Lemma PS_mult_last_only a b n :
  (forall i, (i < n)%nat -> a i = 0) -> PS_mult a b n = a n * b O.
Proof.
  intros Ha. destruct n as [|n]; [unfold PS_mult; simpl; ring|].
  rewrite PS_mult_S, (sum_eq _ (fun _ => 0)), sum_cte; [ring|].
  intros i Hi. rewrite Ha by lia. ring.
Qed.

End CauchyProduct.

Section FormalPowers.

Variable p : nat -> R.

Definition logderiv_step (k : nat) (r : nat -> R) : R :=
  match k with
  | O => PS_derive p O / p O
  | S m => (PS_derive p (S m) - sum_f_R0 (fun j => r j * p (S m - j)%nat) m) / p O
  end.

Definition logderiv : nat -> R := strong_rec logderiv_step.

(* [fpow p t] is P^t = p_0^t exp(t log(P/p_0)), computed through the linear
   ODE d' = t (P'/P) d, d 0 = 1, satisfied by [fpow_normed p t] = P^t/p_0^t. *)
Definition fpow_normed_step (t : R) (k : nat) (d : nat -> R) : R :=
  match k with
  | O => 1
  | S m => t / INR (S m) * PS_mult logderiv d m
  end.

Definition fpow_normed (t : R) : nat -> R := strong_rec (fpow_normed_step t).

Definition fpow (t : R) (k : nat) : R := Rpower (p O) t * fpow_normed t k.

Lemma logderiv_step_prefix k f g :
  (forall i, (i < k)%nat -> f i = g i) -> logderiv_step k f = logderiv_step k g.
Proof.
  intros H. destruct k as [|m]; simpl; auto.
  do 2 f_equal. apply sum_eq. intros i Hi. rewrite H by lia. reflexivity.
Qed.

Lemma fpow_normed_step_prefix t k f g :
  (forall i, (i < k)%nat -> f i = g i) -> fpow_normed_step t k f = fpow_normed_step t k g.
Proof.
  intros H. destruct k as [|m]; simpl; auto.
  f_equal. unfold PS_mult. apply sum_eq. intros i Hi. rewrite H by lia. reflexivity.
Qed.

Hypothesis p0_neq0 : p O <> 0.

Lemma PS_mult_logderiv k : PS_mult logderiv p k = PS_derive p k.
Proof.
  unfold logderiv. destruct k as [|m].
  - unfold PS_mult. simpl. rewrite strong_rec_eq by apply logderiv_step_prefix.
    simpl. field. exact p0_neq0.
  - rewrite PS_mult_S, (strong_rec_eq _ logderiv_step_prefix (S m)).
    simpl. field. exact p0_neq0.
Qed.

Lemma fpow_normed_0 t : fpow_normed t O = 1.
Proof.
  unfold fpow_normed. rewrite strong_rec_eq by apply fpow_normed_step_prefix. reflexivity.
Qed.

Lemma fpow_normed_S t m :
  fpow_normed t (S m) = t / INR (S m) * PS_mult logderiv (fpow_normed t) m.
Proof.
  unfold fpow_normed at 1. rewrite strong_rec_eq by apply fpow_normed_step_prefix.
  reflexivity.
Qed.

Lemma PS_derive_fpow_normed t m :
  PS_derive (fpow_normed t) m = t * PS_mult logderiv (fpow_normed t) m.
Proof.
  unfold PS_derive. rewrite fpow_normed_S. field. apply not_0_INR. lia.
Qed.

Lemma fpow_normed_unique t u :
  u O = 1 -> (forall m, PS_derive u m = t * PS_mult logderiv u m) ->
  forall k, u k = fpow_normed t k.
Proof.
  intros H0 HD. apply strong_rec_unique; [apply fpow_normed_step_prefix|].
  intros [|m]; unfold fpow_normed_step; auto.
  assert (HS : INR (S m) <> 0) by (apply not_0_INR; lia).
  apply (Rmult_eq_reg_l (INR (S m))); auto.
  specialize (HD m). unfold PS_derive in HD. rewrite HD. field. exact HS.
Qed.

Lemma fpow_normed_add t t' k :
  fpow_normed (t + t') k = PS_mult (fpow_normed t) (fpow_normed t') k.
Proof.
  symmetry. apply (fpow_normed_unique (t + t') (PS_mult (fpow_normed t) (fpow_normed t'))).
  - unfold PS_mult; simpl. rewrite !fpow_normed_0. ring.
  - intros m. rewrite PS_derive_mult.
    rewrite (PS_mult_ext (PS_derive (fpow_normed t))
               (fun k => t * PS_mult logderiv (fpow_normed t) k) _ (fpow_normed t'))
      by (intros; try apply PS_derive_fpow_normed; reflexivity).
    rewrite (PS_mult_ext (fpow_normed t) (fpow_normed t) (PS_derive (fpow_normed t'))
               (fun k => t' * PS_mult logderiv (fpow_normed t') k))
      by (intros; try apply PS_derive_fpow_normed; reflexivity).
    rewrite PS_mult_scal_l, PS_mult_scal_r, PS_mult_assoc.
    rewrite <- (PS_mult_assoc (fpow_normed t) logderiv).
    rewrite (PS_mult_ext (PS_mult (fpow_normed t) logderiv)
               (PS_mult logderiv (fpow_normed t)) _ _)
      by (intros; try apply PS_mult_comm; reflexivity).
    rewrite PS_mult_assoc. ring.
Qed.

Lemma fpow_normed_1 k : p k = p O * fpow_normed 1 k.
Proof.
  rewrite <- (fpow_normed_unique 1 (fun k => p k / p O)).
  - field. exact p0_neq0.
  - field. exact p0_neq0.
  - intros m. rewrite Rmult_1_l.
    rewrite (PS_mult_ext _ logderiv _ (fun k => / p O * p k))
      by (intros; unfold Rdiv; try ring; reflexivity).
    rewrite PS_mult_scal_r, PS_mult_logderiv. unfold PS_derive. field. exact p0_neq0.
Qed.

Lemma fpow_add t t' k : PS_mult (fpow t) (fpow t') k = fpow (t + t') k.
Proof.
  unfold fpow. rewrite PS_mult_scal_l, PS_mult_scal_r, fpow_normed_add, Rpower_plus. ring.
Qed.

Lemma fpow_ode t k : PS_mult (PS_derive (fpow t)) p k = t * PS_mult (fpow t) (PS_derive p) k.
Proof.
  rewrite (PS_mult_ext (PS_derive (fpow t))
             (fun j => (Rpower (p O) t * t) * PS_mult logderiv (fpow_normed t) j) p p)
    by (intros; try reflexivity; unfold fpow, PS_derive; rewrite fpow_normed_S;
        field; apply not_0_INR; lia).
  rewrite (PS_mult_ext (fpow t) (fun j => Rpower (p O) t * fpow_normed t j)
             (PS_derive p) (PS_mult logderiv p))
    by (intros; try reflexivity; symmetry; apply PS_mult_logderiv).
  rewrite !PS_mult_scal_l.
  rewrite (PS_mult_ext (PS_mult logderiv (fpow_normed t))
             (PS_mult (fpow_normed t) logderiv) p p)
    by (intros; try apply PS_mult_comm; reflexivity).
  rewrite PS_mult_assoc. ring.
Qed.

Lemma ode_coef_eq0 t e : e O = 0 ->
  (forall k, PS_mult (PS_derive e) p k = t * PS_mult e (PS_derive p) k) ->
  forall k, e k = 0.
Proof.
  intros He0 Hode k. induction k as [[|m] IH] using (well_founded_induction Wf_nat.lt_wf);
    [exact He0|].
  specialize (Hode m).
  rewrite PS_mult_last_only in Hode
    by (intros i Hi; unfold PS_derive; rewrite IH by lia; ring).
  rewrite PS_mult_last_only, IH in Hode by (auto; intros; apply IH; lia).
  unfold PS_derive in Hode.
  assert (HS : INR (S m) <> 0) by (apply not_0_INR; lia).
  apply (Rmult_eq_reg_l (INR (S m) * p O)); [lra|apply Rmult_integral_contrapositive; auto].
Qed.

Lemma fpow_ode_unique t u : u O = Rpower (p O) t ->
  (forall k, PS_mult (PS_derive u) p k = t * PS_mult u (PS_derive p) k) ->
  forall k, u k = fpow t k.
Proof.
  intros Hu0 Hode k.
  enough (u k - fpow t k = 0) by lra.
  apply (ode_coef_eq0 t (fun j => u j - fpow t j)).
  - unfold fpow. rewrite fpow_normed_0. lra.
  - intros j.
    rewrite (PS_mult_ext (PS_derive (fun j => u j - fpow t j))
               (fun i => PS_derive u i - PS_derive (fpow t) i) p p)
      by (intros; unfold PS_derive; try ring; reflexivity).
    rewrite !PS_mult_minus_l, Hode, fpow_ode. ring.
Qed.

End FormalPowers.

....

• **TASK OBJECTIVE**
The answer is the lines above between the line holding "intros Ha. destruct" and the line holding "ODE d' = t (P'/P)", inclusive, each written out exactly, and no others.

• **SOLUTION TO THE EXERCISE**
  intros Ha. destruct n as [|n]; [unfold PS_mult; simpl; ring|].
  rewrite PS_mult_S, (sum_eq _ (fun _ => 0)), sum_cte; [ring|].
  intros i Hi. rewrite Ha by lia. ring.
Qed.

End CauchyProduct.

Section FormalPowers.

Variable p : nat -> R.

Definition logderiv_step (k : nat) (r : nat -> R) : R :=
  match k with
  | O => PS_derive p O / p O
  | S m => (PS_derive p (S m) - sum_f_R0 (fun j => r j * p (S m - j)%nat) m) / p O
  end.

Definition logderiv : nat -> R := strong_rec logderiv_step.

(* [fpow p t] is P^t = p_0^t exp(t log(P/p_0)), computed through the linear
   ODE d' = t (P'/P) d, d 0 = 1, satisfied by [fpow_normed p t] = P^t/p_0^t. *)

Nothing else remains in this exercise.